**Task requirements:**
Each line in the entries below that holds the word "oppeK" belongs in the answer.

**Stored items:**
Content starts
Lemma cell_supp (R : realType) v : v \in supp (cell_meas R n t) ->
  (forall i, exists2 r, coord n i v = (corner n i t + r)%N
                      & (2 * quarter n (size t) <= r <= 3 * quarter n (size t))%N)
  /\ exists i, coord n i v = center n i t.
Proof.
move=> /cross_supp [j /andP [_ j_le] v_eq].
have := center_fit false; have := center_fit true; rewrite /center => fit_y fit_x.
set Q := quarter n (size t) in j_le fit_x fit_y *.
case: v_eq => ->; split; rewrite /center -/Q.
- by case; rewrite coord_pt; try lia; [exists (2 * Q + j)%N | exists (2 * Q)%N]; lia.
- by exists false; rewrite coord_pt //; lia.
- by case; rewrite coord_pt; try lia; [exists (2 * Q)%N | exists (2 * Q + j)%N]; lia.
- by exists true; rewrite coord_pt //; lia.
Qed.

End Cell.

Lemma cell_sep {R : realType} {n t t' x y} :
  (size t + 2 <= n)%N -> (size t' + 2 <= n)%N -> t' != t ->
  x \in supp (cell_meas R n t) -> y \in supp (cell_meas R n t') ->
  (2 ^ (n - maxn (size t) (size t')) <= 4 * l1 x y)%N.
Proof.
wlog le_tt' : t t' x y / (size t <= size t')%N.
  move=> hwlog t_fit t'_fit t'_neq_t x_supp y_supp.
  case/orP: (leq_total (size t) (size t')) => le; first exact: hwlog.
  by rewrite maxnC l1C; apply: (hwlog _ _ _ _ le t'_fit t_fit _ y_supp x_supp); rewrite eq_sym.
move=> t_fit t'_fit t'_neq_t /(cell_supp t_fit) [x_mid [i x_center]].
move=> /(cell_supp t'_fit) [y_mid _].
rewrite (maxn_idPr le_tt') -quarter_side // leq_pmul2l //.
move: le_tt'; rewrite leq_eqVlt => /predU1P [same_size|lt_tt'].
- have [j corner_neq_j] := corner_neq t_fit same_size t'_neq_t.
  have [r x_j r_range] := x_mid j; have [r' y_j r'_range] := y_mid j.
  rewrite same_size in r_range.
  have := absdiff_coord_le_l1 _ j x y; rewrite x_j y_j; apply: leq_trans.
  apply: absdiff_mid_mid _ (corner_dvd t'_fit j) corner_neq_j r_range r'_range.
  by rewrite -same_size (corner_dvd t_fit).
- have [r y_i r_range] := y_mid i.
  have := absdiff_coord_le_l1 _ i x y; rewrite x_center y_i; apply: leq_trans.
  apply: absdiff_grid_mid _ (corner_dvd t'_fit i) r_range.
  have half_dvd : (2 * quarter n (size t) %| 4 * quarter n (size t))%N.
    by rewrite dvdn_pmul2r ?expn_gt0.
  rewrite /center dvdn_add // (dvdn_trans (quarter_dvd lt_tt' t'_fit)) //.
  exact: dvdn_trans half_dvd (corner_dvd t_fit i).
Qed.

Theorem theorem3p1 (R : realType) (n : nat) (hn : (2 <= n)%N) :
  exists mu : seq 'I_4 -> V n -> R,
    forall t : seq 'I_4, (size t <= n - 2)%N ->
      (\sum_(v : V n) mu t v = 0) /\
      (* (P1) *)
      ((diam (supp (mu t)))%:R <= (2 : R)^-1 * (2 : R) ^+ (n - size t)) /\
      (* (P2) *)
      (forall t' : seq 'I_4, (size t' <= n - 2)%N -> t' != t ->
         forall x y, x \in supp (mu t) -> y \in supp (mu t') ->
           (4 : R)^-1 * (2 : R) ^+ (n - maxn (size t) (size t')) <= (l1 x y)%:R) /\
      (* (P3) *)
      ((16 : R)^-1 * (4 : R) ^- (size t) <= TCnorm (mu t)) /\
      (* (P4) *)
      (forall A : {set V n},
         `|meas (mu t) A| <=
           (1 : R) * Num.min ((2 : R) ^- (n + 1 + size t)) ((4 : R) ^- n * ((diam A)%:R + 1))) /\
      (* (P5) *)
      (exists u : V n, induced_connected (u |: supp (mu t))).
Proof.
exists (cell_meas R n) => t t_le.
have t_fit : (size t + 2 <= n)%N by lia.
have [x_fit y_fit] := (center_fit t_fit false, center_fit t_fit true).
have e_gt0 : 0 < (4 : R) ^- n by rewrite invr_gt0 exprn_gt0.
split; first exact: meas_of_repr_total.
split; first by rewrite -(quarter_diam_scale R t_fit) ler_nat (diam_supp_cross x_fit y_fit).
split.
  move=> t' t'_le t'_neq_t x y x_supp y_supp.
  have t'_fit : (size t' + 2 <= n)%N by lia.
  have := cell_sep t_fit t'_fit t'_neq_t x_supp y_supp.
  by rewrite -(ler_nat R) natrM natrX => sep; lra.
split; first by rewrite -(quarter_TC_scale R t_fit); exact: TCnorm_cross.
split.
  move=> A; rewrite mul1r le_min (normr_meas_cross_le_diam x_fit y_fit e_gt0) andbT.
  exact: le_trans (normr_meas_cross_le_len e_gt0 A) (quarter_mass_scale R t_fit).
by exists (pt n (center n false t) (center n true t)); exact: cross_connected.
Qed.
Content ends
Content starts
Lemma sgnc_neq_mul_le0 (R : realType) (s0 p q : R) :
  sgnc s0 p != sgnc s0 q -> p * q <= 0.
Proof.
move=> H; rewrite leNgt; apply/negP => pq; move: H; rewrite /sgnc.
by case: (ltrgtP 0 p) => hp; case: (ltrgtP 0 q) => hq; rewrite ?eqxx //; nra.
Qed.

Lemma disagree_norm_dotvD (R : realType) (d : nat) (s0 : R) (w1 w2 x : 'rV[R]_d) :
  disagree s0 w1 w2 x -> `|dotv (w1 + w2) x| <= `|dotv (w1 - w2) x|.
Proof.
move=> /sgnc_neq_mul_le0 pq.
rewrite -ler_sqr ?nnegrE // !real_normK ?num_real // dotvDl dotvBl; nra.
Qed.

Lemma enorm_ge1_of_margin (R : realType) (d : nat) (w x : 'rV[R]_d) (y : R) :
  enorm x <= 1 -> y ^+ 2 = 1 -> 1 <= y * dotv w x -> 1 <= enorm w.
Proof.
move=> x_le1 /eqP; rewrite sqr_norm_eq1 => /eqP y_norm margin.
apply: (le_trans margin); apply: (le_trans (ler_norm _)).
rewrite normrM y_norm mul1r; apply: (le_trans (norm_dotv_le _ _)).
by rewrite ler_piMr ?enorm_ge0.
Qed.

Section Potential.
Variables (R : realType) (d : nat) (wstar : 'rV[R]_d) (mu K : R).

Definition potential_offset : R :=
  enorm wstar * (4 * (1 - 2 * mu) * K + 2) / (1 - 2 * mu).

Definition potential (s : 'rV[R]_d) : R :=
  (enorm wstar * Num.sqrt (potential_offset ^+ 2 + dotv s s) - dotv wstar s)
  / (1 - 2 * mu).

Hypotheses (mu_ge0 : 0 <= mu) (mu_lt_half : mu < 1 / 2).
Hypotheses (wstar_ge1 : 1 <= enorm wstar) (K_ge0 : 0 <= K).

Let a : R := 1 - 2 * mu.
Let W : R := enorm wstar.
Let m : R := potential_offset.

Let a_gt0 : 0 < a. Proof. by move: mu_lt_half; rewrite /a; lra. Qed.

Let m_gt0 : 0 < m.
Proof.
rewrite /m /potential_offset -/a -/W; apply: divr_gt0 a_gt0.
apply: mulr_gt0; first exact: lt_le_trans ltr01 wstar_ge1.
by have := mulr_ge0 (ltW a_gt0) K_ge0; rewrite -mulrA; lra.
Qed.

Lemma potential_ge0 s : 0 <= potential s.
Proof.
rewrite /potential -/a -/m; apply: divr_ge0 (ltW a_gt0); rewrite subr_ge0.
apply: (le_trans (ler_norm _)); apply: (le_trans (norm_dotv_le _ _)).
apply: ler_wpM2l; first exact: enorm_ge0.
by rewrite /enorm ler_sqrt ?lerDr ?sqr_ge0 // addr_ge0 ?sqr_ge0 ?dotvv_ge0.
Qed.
Content ends
Content starts
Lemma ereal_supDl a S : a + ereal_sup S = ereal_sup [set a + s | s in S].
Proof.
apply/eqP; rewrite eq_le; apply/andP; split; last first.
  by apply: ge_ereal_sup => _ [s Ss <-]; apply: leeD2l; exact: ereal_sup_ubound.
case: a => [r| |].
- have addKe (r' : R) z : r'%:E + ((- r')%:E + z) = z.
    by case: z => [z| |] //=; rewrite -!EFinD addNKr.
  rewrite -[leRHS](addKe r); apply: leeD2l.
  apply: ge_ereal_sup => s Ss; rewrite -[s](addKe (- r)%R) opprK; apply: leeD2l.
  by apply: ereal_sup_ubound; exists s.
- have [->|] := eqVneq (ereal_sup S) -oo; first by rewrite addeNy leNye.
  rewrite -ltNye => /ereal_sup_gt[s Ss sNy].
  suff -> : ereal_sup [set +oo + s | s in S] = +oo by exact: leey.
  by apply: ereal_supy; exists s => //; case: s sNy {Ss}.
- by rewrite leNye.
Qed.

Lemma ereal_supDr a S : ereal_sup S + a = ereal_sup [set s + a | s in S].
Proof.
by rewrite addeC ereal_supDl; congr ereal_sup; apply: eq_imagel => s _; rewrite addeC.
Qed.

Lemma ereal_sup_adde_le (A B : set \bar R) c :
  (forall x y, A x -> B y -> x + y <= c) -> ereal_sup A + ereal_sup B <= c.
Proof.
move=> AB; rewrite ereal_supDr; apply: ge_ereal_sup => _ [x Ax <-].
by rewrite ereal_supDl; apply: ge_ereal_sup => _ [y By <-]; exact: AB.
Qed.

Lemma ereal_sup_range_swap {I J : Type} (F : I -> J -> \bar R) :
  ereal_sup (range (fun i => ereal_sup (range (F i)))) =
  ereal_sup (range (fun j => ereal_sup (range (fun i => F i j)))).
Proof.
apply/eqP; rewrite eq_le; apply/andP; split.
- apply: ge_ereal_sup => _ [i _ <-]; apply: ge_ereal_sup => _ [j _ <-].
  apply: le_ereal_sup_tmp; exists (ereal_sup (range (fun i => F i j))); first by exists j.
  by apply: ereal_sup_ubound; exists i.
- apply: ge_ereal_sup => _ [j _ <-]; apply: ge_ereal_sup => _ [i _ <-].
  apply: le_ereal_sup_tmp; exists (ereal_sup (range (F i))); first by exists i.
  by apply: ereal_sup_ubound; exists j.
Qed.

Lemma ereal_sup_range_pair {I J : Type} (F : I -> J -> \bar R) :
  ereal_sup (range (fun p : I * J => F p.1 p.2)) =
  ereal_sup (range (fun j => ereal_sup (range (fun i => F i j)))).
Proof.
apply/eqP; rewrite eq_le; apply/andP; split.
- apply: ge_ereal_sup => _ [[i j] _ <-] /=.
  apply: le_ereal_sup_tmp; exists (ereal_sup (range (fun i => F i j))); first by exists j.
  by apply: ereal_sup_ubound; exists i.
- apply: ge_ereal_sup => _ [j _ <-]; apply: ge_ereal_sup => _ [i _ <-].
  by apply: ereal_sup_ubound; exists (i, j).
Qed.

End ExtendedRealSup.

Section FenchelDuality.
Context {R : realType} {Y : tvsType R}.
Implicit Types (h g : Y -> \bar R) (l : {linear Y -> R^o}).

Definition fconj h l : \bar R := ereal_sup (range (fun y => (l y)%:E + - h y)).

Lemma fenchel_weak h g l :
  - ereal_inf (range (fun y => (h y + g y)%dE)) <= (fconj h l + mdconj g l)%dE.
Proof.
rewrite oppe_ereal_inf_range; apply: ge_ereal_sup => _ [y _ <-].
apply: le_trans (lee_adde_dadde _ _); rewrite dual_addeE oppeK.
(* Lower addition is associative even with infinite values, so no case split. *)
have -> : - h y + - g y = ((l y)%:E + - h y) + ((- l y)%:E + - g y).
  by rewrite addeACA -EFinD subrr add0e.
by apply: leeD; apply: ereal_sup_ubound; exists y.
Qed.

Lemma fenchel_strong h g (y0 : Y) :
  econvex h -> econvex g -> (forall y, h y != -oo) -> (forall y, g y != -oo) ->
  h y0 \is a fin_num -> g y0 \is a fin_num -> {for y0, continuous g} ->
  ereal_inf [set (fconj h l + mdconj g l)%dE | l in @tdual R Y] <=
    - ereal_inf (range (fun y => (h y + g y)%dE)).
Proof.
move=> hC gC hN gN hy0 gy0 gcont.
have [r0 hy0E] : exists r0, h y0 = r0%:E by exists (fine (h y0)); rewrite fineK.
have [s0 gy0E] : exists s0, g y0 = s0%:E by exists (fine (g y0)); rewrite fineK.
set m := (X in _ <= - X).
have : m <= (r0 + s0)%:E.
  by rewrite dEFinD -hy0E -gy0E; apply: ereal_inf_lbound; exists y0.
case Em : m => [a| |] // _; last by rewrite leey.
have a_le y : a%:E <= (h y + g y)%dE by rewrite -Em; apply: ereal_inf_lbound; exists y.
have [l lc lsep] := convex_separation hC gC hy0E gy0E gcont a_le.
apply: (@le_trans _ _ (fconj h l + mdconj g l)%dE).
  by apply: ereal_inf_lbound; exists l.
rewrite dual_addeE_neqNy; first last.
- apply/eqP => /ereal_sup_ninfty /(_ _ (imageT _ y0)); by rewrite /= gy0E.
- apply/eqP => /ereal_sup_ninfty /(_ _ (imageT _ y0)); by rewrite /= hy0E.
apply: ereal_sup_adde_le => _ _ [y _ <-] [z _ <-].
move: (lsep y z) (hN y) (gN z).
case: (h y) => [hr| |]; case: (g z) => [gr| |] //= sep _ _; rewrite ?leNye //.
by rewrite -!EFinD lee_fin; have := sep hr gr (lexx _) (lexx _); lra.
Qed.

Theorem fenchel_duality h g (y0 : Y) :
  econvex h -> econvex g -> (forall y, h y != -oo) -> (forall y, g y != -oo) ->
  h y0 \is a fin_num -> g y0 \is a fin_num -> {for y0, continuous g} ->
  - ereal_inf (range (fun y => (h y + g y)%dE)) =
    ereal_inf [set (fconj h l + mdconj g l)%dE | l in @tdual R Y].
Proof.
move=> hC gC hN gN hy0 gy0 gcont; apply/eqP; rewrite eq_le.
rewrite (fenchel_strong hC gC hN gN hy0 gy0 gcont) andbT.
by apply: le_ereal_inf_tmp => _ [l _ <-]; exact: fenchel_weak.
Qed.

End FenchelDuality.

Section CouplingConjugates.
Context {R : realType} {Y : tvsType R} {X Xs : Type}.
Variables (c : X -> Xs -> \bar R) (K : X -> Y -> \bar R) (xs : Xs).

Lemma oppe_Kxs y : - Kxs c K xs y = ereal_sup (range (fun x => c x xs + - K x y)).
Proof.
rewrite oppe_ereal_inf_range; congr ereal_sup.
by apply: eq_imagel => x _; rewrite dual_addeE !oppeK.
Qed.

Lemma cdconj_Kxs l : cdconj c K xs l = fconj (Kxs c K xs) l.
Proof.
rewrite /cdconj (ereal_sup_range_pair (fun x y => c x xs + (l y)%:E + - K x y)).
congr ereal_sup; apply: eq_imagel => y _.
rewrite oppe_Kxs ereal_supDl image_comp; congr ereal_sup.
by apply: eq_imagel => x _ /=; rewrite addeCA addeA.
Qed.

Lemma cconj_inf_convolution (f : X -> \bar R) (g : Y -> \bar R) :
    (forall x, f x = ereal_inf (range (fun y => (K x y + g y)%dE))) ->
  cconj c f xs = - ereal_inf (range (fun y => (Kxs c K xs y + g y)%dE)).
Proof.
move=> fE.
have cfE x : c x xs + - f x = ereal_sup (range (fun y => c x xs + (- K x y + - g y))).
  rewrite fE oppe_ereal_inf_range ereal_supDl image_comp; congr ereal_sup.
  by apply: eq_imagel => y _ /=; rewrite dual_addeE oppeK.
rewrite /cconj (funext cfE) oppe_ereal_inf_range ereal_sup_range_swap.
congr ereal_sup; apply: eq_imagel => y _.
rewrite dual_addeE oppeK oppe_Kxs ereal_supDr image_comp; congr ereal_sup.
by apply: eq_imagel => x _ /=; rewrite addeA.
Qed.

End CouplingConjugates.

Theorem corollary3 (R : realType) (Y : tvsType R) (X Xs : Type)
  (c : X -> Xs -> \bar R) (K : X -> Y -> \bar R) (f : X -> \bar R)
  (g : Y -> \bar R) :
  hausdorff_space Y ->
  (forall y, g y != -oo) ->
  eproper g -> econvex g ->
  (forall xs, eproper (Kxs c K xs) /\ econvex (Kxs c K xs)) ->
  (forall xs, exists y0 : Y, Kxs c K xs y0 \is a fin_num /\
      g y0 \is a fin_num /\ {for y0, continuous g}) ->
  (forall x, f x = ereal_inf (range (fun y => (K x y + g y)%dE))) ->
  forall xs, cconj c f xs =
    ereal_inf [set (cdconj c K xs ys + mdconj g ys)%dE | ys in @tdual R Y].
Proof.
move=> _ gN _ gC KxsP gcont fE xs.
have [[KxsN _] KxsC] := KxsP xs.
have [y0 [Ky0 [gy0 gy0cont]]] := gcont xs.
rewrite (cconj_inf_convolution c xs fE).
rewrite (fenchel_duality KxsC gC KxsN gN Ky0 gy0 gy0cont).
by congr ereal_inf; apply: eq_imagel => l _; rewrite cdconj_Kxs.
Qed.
Content ends
**Task response:**
apply: le_trans (lee_adde_dadde _ _); rewrite dual_addeE oppeK.
by apply: eq_imagel => x _; rewrite dual_addeE !oppeK.
  by apply: eq_imagel => y _ /=; rewrite dual_addeE oppeK.
rewrite dual_addeE oppeK oppe_Kxs ereal_supDr image_comp; congr ereal_sup.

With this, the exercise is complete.